Ryan Maue on Temperature Abnormalities – Engaging with it?
Originally tweeted by Ryan | Forecast (@RyanMaue) above December 24, 2021.
Tonight, I’ll be talking about Temperature Abnormality maps and how they’re built, used, abused, and abused for weather and climate, including science and advocacy. This will be fun.
Using weather models or historical observation data, grids are formed of daily, monthly and yearly temperatures over a given period of time which can be 20 years or 100+ years.
This Period of Record (POR) dataset is then used to select or construct a baseline climate, for example 1991-2020.
This map is Japanese grid reanalysis data updated monthly – a kind of weather model result from continuously run forecasts using a modern but original data model from many decades ago. This is meant to faithfully represent the real state of the 3D atmosphere and ocean.
The baseline used here is 1991-2020 known as the Climate Normal Period. You can often see 1981-2010 or 1961-1990 or even 1951-1980. These three decades are designed to represent climate regardless of rapid change.
Compare that to the previous December 2015 in El Niño. The global anomaly is +0.53°C above the 1991-2020 average, while this December 2021 is +0.27°C. Yes, that is a cooling of 0.25°C by comparison. direct.
But you wouldn’t say that global warming has stopped because December 2021 is colder than December 2015. That would be misinformation given the proper context – and that is an upward trend in the long-term data. convincingly.
This is the daily anomaly since 1990 from the same Japanese data set.

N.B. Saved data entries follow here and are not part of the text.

Lemma fourier_sum_parseval (p N : nat) u : ((2 * p).+1 <= N)%N ->
  \sum_(j < N) fourier_sum p N u j * (fourier_sum p N u j)^*%C =
  N%:R * wsum p (fun t => u t * (u t)^*%C).
Proof.
move=> N_ge; rewrite /fourier_sum /wsum.
under eq_bigr do rewrite rmorph_sum mulr_suml.
under eq_bigr do under eq_bigr do rewrite mulr_sumr.
rewrite exchange_big /=; under eq_bigr do rewrite exchange_big /=.
rewrite mulr_sumr; apply: eq_bigr => i1 _.
have pairE (a b : R) (x y : R[i]) :
    expmi a * x * (expmi b * y)^*%C = x * y^*%C * expmi (a - b).
  by rewrite (conjc_is_multiplicative R).1 conj_expmi expmiD; ring.
under eq_bigr do under eq_bigr do rewrite pairE.
under eq_bigr do rewrite -mulr_sumr.
have phaseE (i2 : 'I_(2 * p).+1) (j : 'I_N) :
    2 * pi * j%:R * (i1%:Z - p%:Z)%:~R / N%:R - 2 * pi * j%:R * (i2%:Z - p%:Z)%:~R / N%:R
    = 2 * pi * j%:R * (i1%:Z - i2%:Z)%:~R / N%:R :> R.
  by rewrite !intrB; ring.
under eq_bigr do under eq_bigr do rewrite phaseE.
have N_gt0 : (0 < N)%N by lia.
have diff_lt (i2 : 'I_(2 * p).+1) : `|i1%:Z - i2%:Z| < N%:Z.
  by have := ltn_ord i1; have := ltn_ord i2; lia.
under eq_bigr => i2 _ do rewrite (sum_expmi_roots R N_gt0 (diff_lt i2)).
rewrite (bigD1 i1) //= subrr eqxx mul1r big1 ?addr0; first by ring.
move=> i2 i2_neq; suff -> : (i1%:Z - i2%:Z == 0) = false by rewrite mul0r mulr0.
by rewrite subr_eq0 eqz_nat eq_sym; apply: negbTE.
Qed.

This is a daily global temperature anomaly flattened out by running a 30-day average. You will see significant spikes on weekly and monthly time scales amid a slowing global warming trend.
What causes thorns? The oceans and atmosphere are mainly through weather.
Zoom in closer to see small daily changes in global temperature, that is, record daily temperature anomalies of up to 4 times when the Earth is half-dark/half-sun.
Test wild range from -0.4°C to +0.4°C from March 2021 to April 2021. That is +0.8°C for a month. Gosh!
Here’s a current example from ECMWF’s operational weather modeling. The global T anomaly dropped from +0.21°C to -0.12°C in 10 days, significantly cooling the globe by 0.33°C. Yes, that is entirely related to the weather in short time range – and here’s the background on how cold/warm air affects land.
But I see more red than blue, obviously which is warmer. I’d say it’s misleading because maps are planar projections and the most extreme values are most certainly concentrated in narrow or small regions. Plus, this is an instant snapshot while the story is different for 24 hours.
However, I see extremely warm temperatures in the US and a global anomaly of +0.20 °C so that is evidence of climate change.
That is misleading for 2 reasons:
You can’t point to 1% of the Earth and say “climate change” when it’s obvious that there is a cold balance elsewhere.
And, you can’t compare raw temperature anomalies across different parts of the globe at the same time!
Why? The typical background variance or change in temperature on a given day can be +/- 50°F in Alberta or Minnesota compared to just +/- 1°F in the tropics.
You have to normalize!
Taken together, comparing small areas of temperature anomalies across different regions of the globe is doubly wrong, a great sin.
Remember that you need to look at global anomalies on a long time scale, not daily weather map comparisons.
Next, the color scale
If you color the daily temperature anomaly map with only 1 color representing the global anomaly of -0.12°C, it will be gray, with no signal. A blank gray map. All anomalies from -24°C to +30°C are globally averaged gray. Great!
Let’s do the same for the Year to date. The color scale is cut in half so the gray is +/- 0.25°C but the global temperature anomalies are the same.
You can definitely spot La Niña’s dominance in the tropical Pacific (the blues are cooler).